Se os países querem dividir-se, que se dividam. Hoje há fortes movimentos separatistas no Canadá, na Bélgica, na Itália e na Espanha, isso para falar só de Ocidente. O Canadá francófono não quer mais dormir junto com o anglófono, os valões não estão gostando de dividir o mesmo teto com os flamengos, a Padania quer distância de uma Itália pobre (Lega lombarda, Roma bastarda) e bascos e catalães querem independência da Espanha. Mas que a divisão seja iniciativa de cada país, e não imposição de uma entidade inoperante, inútil tribuna de discursos vazios e cabide de empregos milionários. Se estes países resolverem cindir-se, cada pedaço saberá como gerir seus destinos. Outra coisa é conferir territórios imensos a selvagens que não conseguem sequer administrar uma horta. E que passarão a onerar os contribuintes do país ao qual pertenciam.


Se o Brasil quer dividir-se, que se divida. O deplorável é ver que esta divisão, se acontecer, será em função de interesses internacionais e inconfessáveis, e não uma decisão dos brasileiros. É uma luta pelo subsolo, e não defesa de direitos indígenas. Espantoso ver um governo que se pretende de esquerda dobrando-se à vontade de fundações e ONGs americanas e européias. Humilhante ver uma Suprema Corte curvando-se a uma determinação da ONU.


De minha parte, não tenho objeção alguma a que o país se parta em cacos como previu Eça de Queirós. Nasci na fronteira seca com o Uruguai e nunca me senti muito brasileiro. Sou mais platino. Me sinto mais em casa em Montevidéu, Buenos Aires ou mesmo Madri, do que em Porto Alegre ou São Paulo. Desde há muito defendo a divisão do Brasil em três ou quatro partes. Seriam mais administráveis. Um norte, um nordeste, um sul. E mais o Rio de Janeiro, que poderia ser logo entregue a quem de fato detém o poder, os traficantes de drogas. Para o PCC, um bantustão. Eles que o administrem.
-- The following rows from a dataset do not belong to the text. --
(* Let $\Delta$ be a finite simplicial graph with $n$ vertices, and let $\Phi_\Delta\le\mathrm{GL}(n,\mathbb{Z})$ be the image of $\mathrm{Aut}(A_\Delta)$ under the homomorphism induced by abelianising $A_\Delta$ (coordinates indexed by the vertices of $\Delta$). A diagonal matrix $E\in\mathrm{GL}(n,\mathbb{Z})$, with diagonal entry $E(v)\in\{\pm1\}$ at vertex $v$, centralises $\Phi_\Delta$ if and only if both of the following hold: (1) if the domination classes $[v]$ and $[w]$ lie in the same $\mathrm{Aut}(\Delta)$-orbit of domination classes, then $E(v)=E(w)$; and (2) if $v$ is dominated by $w$, then $E(v)=E(w)$.
   Context: For a finite simplicial graph $\Delta=(V,E)$, $A_\Delta=\langle v\in V\mid [v,w]=1 \text{ for }(v,w)\in E\rangle$. For a vertex $v$, $\mathrm{lk}(v)$ is the set of neighbours of $v$ and $\mathrm{st}(v)=\mathrm{lk}(v)\cup\{v\}$. A vertex $y$ is dominated by $x$ (written $y\le x$) if $\mathrm{lk}(y)\subseteq\mathrm{st}(x)$. Vertices $v,w$ are domination equivalent if $v\le w$ and $w\le v$; $[v]$ is the domination class of $v$. $\mathrm{Aut}(\Delta)$ acts on the set of domination classes. *)

From mathcomp Require Import all_boot all_order all_algebra all_fingroup.
Set Implicit Arguments. Unset Strict Implicit. Unset Printing Implicit Defensive.
Import GRing.Theory Num.Theory.
Local Open Scope ring_scope.

Definition simplicial_graph (n : nat) (e : rel 'I_n) : Prop :=
  symmetric e /\ irreflexive e.

(* Letters of words in the generators of A_Delta: (v, false) = v,
   (v, true) = v^-1. *)
Definition letter (n : nat) := ('I_n * bool)%type.

Definition winv (n : nat) (w : seq (letter n)) : seq (letter n) :=
  rev (map (fun l : letter n => (l.1, ~~ l.2)) w).

Inductive raag_eq (n : nat) (e : rel 'I_n) : seq (letter n) -> seq (letter n) -> Prop :=
| raag_refl w : raag_eq e w w
| raag_sym w1 w2 : raag_eq e w1 w2 -> raag_eq e w2 w1
| raag_trans w1 w2 w3 : raag_eq e w1 w2 -> raag_eq e w2 w3 -> raag_eq e w1 w3
| raag_cat a b c d : raag_eq e a b -> raag_eq e c d -> raag_eq e (a ++ c) (b ++ d)
| raag_cancel x b : raag_eq e [:: (x, b); (x, ~~ b)] [::]
| raag_comm x y : e x y -> raag_eq e [:: (x, false); (y, false)] [:: (y, false); (x, false)].
(* Let $a_{ij}\ge 0$ for $1\le i\ne j\le N$ with $a_{ij}=a_{ji}$, and let $\mathbf S(t)$ be the stochastic consensus model: independent Poisson processes $N^{ij}$ of rate $a_{ij}$, and $\mathrm dS_i=\sum_{j\ne i}(S_j-S_i)\,\mathrm dN^{ij}$. Let $V(\mathbf S)=\frac1N\sum_{i=1}^N|S_i-\bar S|^2=\frac{1}{2N^2}\sum_{i,j}|S_i-S_j|^2$ with $\bar S=\frac1N\sum_i S_i$. Then $$\frac{d}{dt}\mathbb E[V(\mathbf S(t))]=-\frac{1}{N^2}\mathbb E\Big[\sum_{i,j}a_{ij}|S_j(t)-S_i(t)|^2\Big].$$
   Context: Equivalently, the process has generator $\frac{d}{dt}\mathbb E[\varphi(\mathbf S)]=\sum_{i\ne j}a_{ij}\mathbb E[\varphi(\Phi_{ij}(\mathbf S))-\varphi(\mathbf S)]$, where $\Phi_{ij}$ replaces the $i$th coordinate by the $j$th. *)

From HB Require Import structures.
From mathcomp Require Import all_boot all_order all_algebra.
From mathcomp Require Import all_classical all_reals all_analysis.
Set Implicit Arguments. Unset Strict Implicit. Unset Printing Implicit Defensive.
Import Order.TTheory GRing.Theory Num.Theory.
Local Open Scope ring_scope.

Definition config (R : realType) (N d : nat) := 'I_N -> 'rV[R]_d.

Definition sqnorm (R : realType) (d : nat) (v : 'rV[R]_d) : R :=
  \sum_(k < d) (v 0 k) ^+ 2.

Definition Phi (R : realType) (N d : nat) (i j : 'I_N) (S : config R N d)
  : config R N d := fun k => if k == i then S j else S k.

Definition mean (R : realType) (N d : nat) (S : config R N d) : 'rV[R]_d :=
  N%:R^-1 *: \sum_(i < N) S i.

Definition Var (R : realType) (N d : nat) (S : config R N d) : R :=
  N%:R^-1 * \sum_(i < N) sqnorm (S i - mean S).

(* E t phi = E[phi(S(t))]: the law of the process at each time t,
   seen as a linear, normalized expectation functional on observables. *)
Definition is_expectation (R : realType) (N d : nat)
  (E : R -> (config R N d -> R) -> R) : Prop :=
  forall t : R,
    (forall phi psi, E t (fun S => phi S + psi S) = E t phi + E t psi) /\
    (forall (c : R) phi, E t (fun S => c * phi S) = c * E t phi) /\
    E t (fun _ => 1) = 1.

(* The stochastic consensus model with rates a_ij, described by its
   generator (Kolmogorov equation):
   d/dt E[phi(S)] = sum_{i<>j} a_ij E[phi(Phi_ij S) - phi S]. *)
Definition consensus_generator (R : realType) (N d : nat)
  (a : 'I_N -> 'I_N -> R) (E : R -> (config R N d -> R) -> R) : Prop :=
  forall (phi : config R N d -> R) (t : R),
    is_derive t (1 : R) (fun u => E u phi)
      (\sum_(i < N) \sum_(j < N | j != i)
          a i j * E t (fun S => phi (Phi i j S) - phi S)).

From HB Require Import structures.
From mathcomp Require Import all_boot all_order all_algebra.
From mathcomp Require Import all_classical all_reals all_analysis.
From mathcomp Require Import ring.
Import Order.TTheory GRing.Theory Num.Theory.
Set Implicit Arguments. Unset Strict Implicit. Unset Printing Implicit Defensive.
Local Open Scope ring_scope.

(* The variance splits into a sum over coordinates of scalar variances, and
   for a scalar configuration x, V = mean(x^2) - mean(x)^2.  Replacing x_i by
   x_j therefore changes V by h(x_j) - h(x_i) - (x_j - x_i)^2 / N^2, where
   h(y) = (y^2 - 2 mean(x) y) / N.  Summed against the symmetric rates a_ij,
   the antisymmetric part h(x_j) - h(x_i) cancels, which leaves the drift
   -(1/N^2) sum a_ij |S_j - S_i|^2 pointwise; linearity of the expectation
   and the generator equation turn this into the claimed derivative. *)

Section ScalarVariance.
Variables (R : realType) (N : nat).
Implicit Types (x h : 'I_N -> R) (a : 'I_N -> 'I_N -> R).

Definition smean x : R := N%:R^-1 * \sum_(l < N) x l.

Definition svar x : R := N%:R^-1 * \sum_(l < N) (x l - smean x) ^+ 2.

Lemma sumr_update (F : R -> R) x (i : 'I_N) (y : R) :
  \sum_(l < N) F (if l == i then y else x l) =
  \sum_(l < N) F (x l) + F y - F (x i).
Proof.
rewrite (bigD1 i) //= eqxx [in RHS](bigD1 i) //=.
rewrite (eq_bigr (fun l => F (x l))); last by move=> l /negPf ->.
ring.
Qed.

Lemma svarE x : (0 < N)%N ->
  svar x = N%:R^-1 * \sum_(l < N) x l ^+ 2 - smean x ^+ 2.
Proof.
move=> N_gt0; have N_neq0 : N%:R != 0 :> R by rewrite pnatr_eq0 -lt0n.
rewrite /svar; have sum_const_sq : \sum_(l < N) smean x ^+ 2 = N%:R * smean x ^+ 2.
  by rewrite sumr_const card_ord mulr_natl.
have -> : \sum_(l < N) (x l - smean x) ^+ 2 =
    \sum_(l < N) x l ^+ 2 - 2 * smean x * \sum_(l < N) x l
    + N%:R * smean x ^+ 2.
  rewrite -sum_const_sq mulr_sumr -sumrB -big_split /=.
  by apply: eq_bigr => l _; ring.
by rewrite /smean; field.
Qed.

Lemma svar_update x (i j : 'I_N) :
  svar (fun l => if l == i then x j else x l) - svar x =
    N%:R^-1 * (x j ^+ 2 - 2 * smean x * x j)
  - N%:R^-1 * (x i ^+ 2 - 2 * smean x * x i)
  - (N%:R ^+ 2)^-1 * (x j - x i) ^+ 2.
Proof.
have N_gt0 : (0 < N)%N by apply: leq_ltn_trans (ltn_ord i).
have N_neq0 : N%:R != 0 :> R by rewrite pnatr_eq0 -lt0n.
rewrite !svarE // /smean (sumr_update (fun y => y ^+ 2)) (sumr_update id).
by field.
Qed.

Lemma sumr_sym_antisym a h :
  (forall i j : 'I_N, i != j -> a i j = a j i) ->
  \sum_(i < N) \sum_(j < N | j != i) a i j * (h j - h i) = 0.
Proof.
move=> a_sym.
under eq_bigr => i _ do under eq_bigr => j _ do rewrite mulrBr.
under eq_bigr => i _ do rewrite sumrB.
rewrite sumrB (exchange_big_dep xpredT) //=; apply/eqP; rewrite subr_eq0; apply/eqP.
apply: eq_bigr => j _; apply: eq_big => [i|i ij]; first by rewrite eq_sym.
by rewrite a_sym // eq_sym.
Qed.

Lemma svar_drift a x :
  (forall i j : 'I_N, i != j -> a i j = a j i) ->
  \sum_(i < N) \sum_(j < N | j != i)
      a i j * (svar (fun l => if l == i then x j else x l) - svar x) =
  - (N%:R ^+ 2)^-1 *
      \sum_(i < N) \sum_(j < N | j != i) a i j * (x j - x i) ^+ 2.
Proof.
move=> a_sym; pose h l := N%:R^-1 * (x l ^+ 2 - 2 * smean x * x l).
under eq_bigr => i _ do under eq_bigr => j _ do
  rewrite svar_update -/(h j) -/(h i) mulrBr.
under eq_bigr => i _ do rewrite sumrB.
rewrite sumrB sumr_sym_antisym // sub0r mulNr mulr_sumr; congr (- _).
by apply: eq_bigr => i _; rewrite mulr_sumr; apply: eq_bigr => j _; ring.
Qed.

End ScalarVariance.

Section VectorVariance.
Variables (R : realType) (N d : nat).
Implicit Types (S : config R N d) (a : 'I_N -> 'I_N -> R).

Definition coord S (k : 'I_d) : 'I_N -> R := fun l => S l 0 k.

Lemma Var_coord S : Var S = \sum_(k < d) svar (coord S k).
Proof.
rewrite /Var /sqnorm exchange_big /= mulr_sumr; apply: eq_bigr => k _.
by congr (_ * _); apply: eq_bigr => i _; rewrite /mean !mxE summxE.
Qed.

Lemma sqnormB_coord S (i j : 'I_N) :
  sqnorm (S j - S i) = \sum_(k < d) (coord S k j - coord S k i) ^+ 2.
Proof. by apply: eq_bigr => k _; rewrite !mxE. Qed.

Lemma coord_Phi S (i j : 'I_N) k :
  coord (Phi i j S) k = fun l => if l == i then coord S k j else coord S k l.
Proof. by apply/funext => l; rewrite /coord /Phi; case: ifP. Qed.

Lemma Var_drift a S :
  (forall i j : 'I_N, i != j -> a i j = a j i) ->
  \sum_(i < N) \sum_(j < N | j != i) a i j * (Var (Phi i j S) - Var S) =
  - (N%:R ^+ 2)^-1 *
      \sum_(i < N) \sum_(j < N | j != i) a i j * sqnorm (S j - S i).
Proof.
move=> a_sym.
under eq_bigr => i _ do under eq_bigr => j _ do
  rewrite !Var_coord -sumrB mulr_sumr.
under [in RHS]eq_bigr => i _ do under eq_bigr => j _ do
  rewrite sqnormB_coord mulr_sumr.
under eq_bigr => i _ do rewrite exchange_big /=.
under [in RHS]eq_bigr => i _ do rewrite exchange_big /=.
rewrite exchange_big [in RHS]exchange_big /= mulr_sumr.
apply: eq_bigr => k _; rewrite -svar_drift //.
by apply: eq_bigr => i _; apply: eq_bigr => j _; rewrite coord_Phi.
Qed.

End VectorVariance.

Lemma expectation_sum (R : realType) (N d : nat)
  (E : R -> (config R N d -> R) -> R) (t : R) (I : Type) (r : seq I)
  (P : pred I) (F : I -> config R N d -> R) :
  is_expectation E ->
  E t (fun S => \sum_(i <- r | P i) F i S) = \sum_(i <- r | P i) E t (F i).
Proof.
move=> hE; have [E_add [E_scale _]] := hE t.
elim: r => [|x r IH].
  rewrite big_nil -[RHS](mul0r (E t (fun=> 1))) -E_scale.
  by congr (E t _); apply/funext => S; rewrite big_nil mul0r.
rewrite big_cons -IH; case Px: (P x).
  by rewrite -E_add; congr (E t _); apply/funext => S; rewrite big_cons Px.
by congr (E t _); apply/funext => S; rewrite big_cons Px.
Qed.

Theorem mainTheorem11 (R : realType) (N d : nat) (a : 'I_N -> 'I_N -> R)
  (E : R -> (config R N d -> R) -> R)
  (a_ge0 : forall i j : 'I_N, i != j -> 0 <= a i j)
  (a_sym : forall i j : 'I_N, i != j -> a i j = a j i)
  (hE : is_expectation E)
  (hgen : consensus_generator a E) (t : R) :
  is_derive t (1 : R) (fun u => E u (@Var R N d))
    (- (N%:R ^+ 2)^-1 *
       E t (fun S => \sum_(i < N) \sum_(j < N | j != i)
                       a i j * sqnorm (S j - S i))).
Proof.
have [_ [E_scale _]] := hE t.
suff -> : - (N%:R ^+ 2)^-1 *
    E t (fun S => \sum_(i < N) \sum_(j < N | j != i) a i j * sqnorm (S j - S i))
  = \sum_(i < N) \sum_(j < N | j != i)
      a i j * E t (fun S => Var (Phi i j S) - Var S) by exact: hgen.
under [RHS]eq_bigr => i _ do under eq_bigr => j _ do rewrite -E_scale.
rewrite -E_scale; under [RHS]eq_bigr => i _ do rewrite -expectation_sum //.
rewrite -expectation_sum //; congr (E t _); apply/funext => S.
by rewrite Var_drift.
Qed.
Houve época em que me sentia brasileiro. Aliás, mais gaúcho que brasileiro. Comecei então a bater pernas pelo planetinha. Vi países mais lindos e mais organizados, sociedades mais cultas e menos corruptas, povos mais laboriosos e mais honestos. Por que raios ficaria então louvando as virtudes do caos em que nasci? O homem é o homem e suas circunstâncias, escreveu Ortega y Gasset. Hoje, dadas minhas circunstâncias – idade, posses, filha, círculo de amigos – o Brasil é para mim o melhor país para viver. Não me queixo. Mas se minha pátria for reduzida ao bairro onde hoje resido, já está de bom tamanho.


Me tornei cidadão do mundo e hoje viveria bem em praticamente todos os países do Ocidente. (Menos nos Estados Unidos, não gosto da cultura deles. Paraguai também não, é claro). Houve época em que, mesmo já não me sentindo muito brasileiro, eu torcia pelo Brasil, queria ver o país deslanchar. Este meu entusiasmo murchou em 2002, quando o país elegeu para a Presidência um analfabeto. E morreu definitivamente em 2006, quando o país reelegeu o analfabeto. Tornei-me egoísta. Me imbuí daquele "egoísmo natural das pedras", do qual falava Fernando Pessoa. Como Candide, vou cuidar de meu jardim. O futuro do país não me interessa mais. Quiseram? Que levem. Com a devida vênia do Apedeuta, vou repetir seu discurso: que "sifu".